Tremendous applause greeted that assertion. And it had scarcely subsided when Mr. Lincoln offered Ohio as an example of what every state should be, and would be, if slavery were set aside as an institution.
“Judge Douglas stated in a speech at Memphis,” he continued, “that there was a ‘line drawn by the Almighty across the continent, on the one side of which the soil must always be cultivated by slaves’; that he did not pretend to know exactly where that line was, but that there was such a line.
“I want to ask your attention to that proposition, that there is one portion of this continent where the Almighty has designed the soil shall always be cultivated by slaves; that its being cultivated by slaves at that place is right; that it has the direct sympathy and authority of the Almighty. Whenever you can get these northern audiences to adopt the opinion that slavery is right on the other side of the Ohio river; whenever you can get them, in pursuance of Douglas’ views, to adopt that sentiment, they will very readily adopt the other argument, which is perfectly logical, that that which is right on the other side of the Ohio cannot be wrong on this, and that if you have that property on that side of the Ohio, under the seal and stamp of the Almighty, when by any means it escapes over here it is wrong to have constitutions and laws to devil you about it.

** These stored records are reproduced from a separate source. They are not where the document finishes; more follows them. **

(* Let $p,q$ be positive integers, with all notation as in the context (in particular $e_s$, $T_e$, $N_{T_c,e}$). Then for every positive integer $e$ and every positive integer $T_c>T_{e_s}$, $$2N_{T_c,e}=N_{2T_c,e+1}.$$
   Context: Let $\mathbf{C}=\begin{bmatrix}1 & p\\ q & 1+pq\end{bmatrix}$. The Cat map over $\mathbb{Z}_{2^e}$ is the bijection $v\mapsto \mathbf{C}v\bmod 2^e$ of $\mathbb{Z}_{2^e}^2$; a cycle of length $n$ is an orbit of a point $v$ for which $n$ is the least positive integer with $\mathbf{C}^n v\equiv v\pmod{2^e}$. $N_{T_c,e}$ denotes the number of cycles of length $T_c$ of the Cat map over $\mathbb{Z}_{2^e}$, and $T_e$ denotes its least period (least $n\ge1$ with $\mathbf{C}^n\equiv I\pmod{2^e}$). Put $A=pq+2$, $B=\sqrt{A^2-4}$, $G_n=\left(\frac{A+B}{2}\right)^n+\left(\frac{A-B}{2}\right)^n$, $H_n=\frac{1}{B}\left(\left(\frac{A+B}{2}\right)^n-\left(\frac{A-B}{2}\right)^n\right)$ (integers). For a nonzero integer $m$ let $v_2(m)$ be the largest $x$ with $2^x\mid m$. Let $e_p=v_2(p)$, $e_q=v_2(q)$; $T_1=3$ if $p,q$ are both odd, $T_1=2$ if exactly one of $p,q$ is odd, $T_1=1$ if both are even; $\hat h=-1$ if $e_p+e_q=0$ and $\hat h=\min(e_p,e_q)$ otherwise; $e_{s,h}=v_2(H_{T_1})$; $m_0=1$ if $\frac12 G_{T_1}\not\equiv 1\pmod 4$ and $m_0=0$ otherwise; $e_{s,g}=v_2\left(\frac12 G_{2^{m_0}T_1}-1\right)$; $x_0=e_{s,h}+m_0+\hat h-e_{s,g}$ if $e_{s,g}<e_{s,h}+m_0+\hat h$ and $x_0=0$ otherwise; and $e_s=e_{s,h}+m_0+\hat h+x_0$. *)

From mathcomp Require Import all_boot all_order all_algebra.
Set Implicit Arguments. Unset Strict Implicit. Unset Printing Implicit Defensive.
Import Order.TTheory GRing.Theory Num.Theory.
Local Open Scope ring_scope.

Definition catC (p q : nat) : 'M[int]_2 :=
  \matrix_(i < 2, j < 2)
     (if i == 0 :> nat then (if j == 0 :> nat then 1 else p%:Z)
      else (if j == 0 :> nat then q%:Z else (1 + p * q)%N%:Z)).

Lemma pow2_gt0 (e : nat) : (0 < 2 ^ e)%N.
Proof. by rewrite expn_gt0. Qed.

Definition pt (e : nat) := ('I_(2 ^ e) * 'I_(2 ^ e))%type.

Definition mkres (e m : nat) : 'I_(2 ^ e) := Ordinal (ltn_pmod m (pow2_gt0 e)).

Definition cat_map (p q e : nat) (v : pt e) : pt e :=
  (mkres e (1 * v.1 + p * v.2)%N, mkres e (q * v.1 + (1 + p * q) * v.2)%N).

Arguments cat_map : clear implicits.

Definition least_period (T : eqType) (f : T -> T) (v : T) (n : nat) : bool :=
  [&& (0 < n)%N, iter n f v == v &
      [forall m : 'I_n, (0 < m)%N ==> (iter m f v != v)]].

Definition cycle_of (T : finType) (f : T -> T) (v : T) : {set T} :=
  [set y | fconnect f v y].

Definition Ncycles (p q n e : nat) : nat :=
  #|[set cycle_of (cat_map p q e) v | v : pt e & least_period (cat_map p q e) v n]|.

Definition is_least_period_mx (p q e n : nat) : Prop :=
  (0 < n)%N /\
  (forall i j, (((catC p q) ^+ n) i j = (1%:M : 'M[int]_2) i j %[mod (2 ^ e)%N%:Z])%Z) /\
  (forall m, (0 < m < n)%N ->
     exists i j, (((catC p q) ^+ m) i j <> (1%:M : 'M[int]_2) i j %[mod (2 ^ e)%N%:Z])%Z).

(* A = pq + 2;  G_n, H_n are the integer sequences
   G_n = ((A+B)/2)^n + ((A-B)/2)^n,  H_n = (((A+B)/2)^n - ((A-B)/2)^n)/B,
   given through the linear recurrence with characteristic polynomial
   x^2 - A x + 1 that they satisfy (both roots have sum A and product 1). *)
Definition Acoef (p q : nat) : int := (p * q + 2)%N%:Z.


Fixpoint Gseq (A : int) (n : nat) : int :=
  match n with
  | 0 => 2
  | 1 => A
  | (m.+1 as k).+1 => A * Gseq A k - Gseq A m
  end.

Fixpoint Hseq (A : int) (n : nat) : int :=
  match n with
  | 0 => 0
  | 1 => 1
  | (m.+1 as k).+1 => A * Hseq A k - Hseq A m
  end.

Definition Gn (p q n : nat) : int := Gseq (Acoef p q) n.
Definition Hn (p q n : nat) : int := Hseq (Acoef p q) n.

Definition v2 (m : int) : nat := logn 2 `|m|%N.

Definition e_p (p : nat) : nat := logn 2 p.

Definition T1 (p q : nat) : nat :=
  if odd p && odd q then 3 else if odd p || odd q then 2 else 1.

Definition hhat (p q : nat) : int :=
  if (e_p p + e_p q == 0)%N then -1 else (minn (e_p p) (e_p q))%:Z.

Definition e_sh (p q : nat) : nat := v2 (Hn p q (T1 p q)).

Definition m0 (p q : nat) : nat :=
  if ((Gn p q (T1 p q) %/ 2)%Z %% 4)%Z != 1 then 1 else 0.

Definition e_sg (p q : nat) : nat :=
  v2 ((Gn p q (2 ^ m0 p q * T1 p q)%N %/ 2)%Z - 1).

Definition x0 (p q : nat) : int :=
  let b := (e_sh p q)%:Z + (m0 p q)%:Z + hhat p q in
  if (e_sg p q)%:Z < b then b - (e_sg p q)%:Z else 0.

Definition e_s (p q : nat) : int :=
  (e_sh p q)%:Z + (m0 p q)%:Z + hhat p q + x0 p q.

From mathcomp Require Import all_boot all_order all_algebra.
From mathcomp Require Import zify ring.
Set Implicit Arguments. Unset Strict Implicit. Unset Printing Implicit Defensive.

(* Identify a point of Z_{2^e}^2 with an integer vector x and let P_e(x) be the
   least n > 0 with C^n x = x mod 2^e.  Put T = T_{e_s}.  The bounds e_s >= 1,
   and e_s >= 2 unless 4 | p or 4 | q (when every power of C is triangular
   mod 4), show that M = C^T is 1 + 2Y with 1 + Y invertible mod 2.  Since
   C^(2n) - 1 = (C^n - 1)^2 + 2 (C^n - 1), C^(2n) fixing x mod 2^(e+1) then
   forces C^n to fix x mod 2^e for n = T 2^j; together with a computation in
   GL_2(GF(2)) this gives P_{e+1}(x) = 2 P_e(x) whenever P_e(x) does not divide
   T.  Hence, for T < T_c, the points of period 2 T_c mod 2^(e+1) are exactly
   the 4 lifts of the points of period T_c mod 2^e, and counting points by
   cycles gives 2 T_c N_{2T_c,e+1} = 4 T_c N_{T_c,e}. *)

(** * Cycles of a map on a finite type *)

Section Cycles.
Variables (T : finType) (f : T -> T).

“You do not raise sugar-cane (except the new-fashioned sugar-cane, and you won’t raise that long) but they do raise it in Louisiana. You don’t raise it in Ohio because you can’t raise it profitably. Now, Douglas will tell you that it is precisely so with the slavery question. That they do have slaves there because they are profitable, and you don’t have them here because they are not profitable. If that is so, then it leads to dealing with the one precisely as with the other. Is there anything in the constitution of laws of Ohio about raising sugar-cane? Have you found it necessary to put any such provision in your law? Surely not. No man desires to raise sugar-cane in Ohio; but if any man did desire to do so, you would say it was a tyrannical law that forbids him doing so, and whenever you shall agree with Douglas, whenever your minds are brought to adopt this argument, as surely you will have reached the conclusion that although slavery is not profitable in Ohio, if any man wants it, it is wrong to him not to let him have it.
“I believe that it is safe to assert that five years ago, no living man had expressed the opinion that the negro had no share in the Declaration of Independence. Let me state that again; five years ago no living man had expressed the opinion that the Negro had no share in the Declaration of Independence. If there is in this large audience any man who ever know of that opinion being put upon paper as much as five years ago, I will be obliged to him now or at a subsequent time to show it.
“If that be true I wish you then to note the next fact; that within the space of five years Senator Douglas, in the argument of this question, has got his entire party, so far as I know, without exception, to join in saying that the Negro has no share in the Declaration of Independence. If there be now in all these United States one Douglas man that does not say this, I have been unable upon any occasion to scare him up.
“Of what tendency is that change? The tendency of that change is to bring the public mind to the conclusion that when men are spoken of, the Negro is not meant; that when Negroes are spoken of, brutes alone are contemplated. That change in sentiment has already degraded the black man in the estimation of Douglas and his followers from the condition of a man of some sort, and assigned him to the condition of a brute.
“At this same meeting in Memphis Douglas declared that in all contests between the Negro and the white man he was for the white man, but that in all questions between the Negro and the crocodile, he was for the Negro. He did not make that declaration accidentally at Memphis. He made it a great many times in the canvass in Illinois last year. I believe he repeated it at Columbus. It is, then, a deliberate way of expressing himself upon that subject. It is a matter of mature deliberation with him thus to express himself upon that point of his case. It therefore requires some deliberate attention.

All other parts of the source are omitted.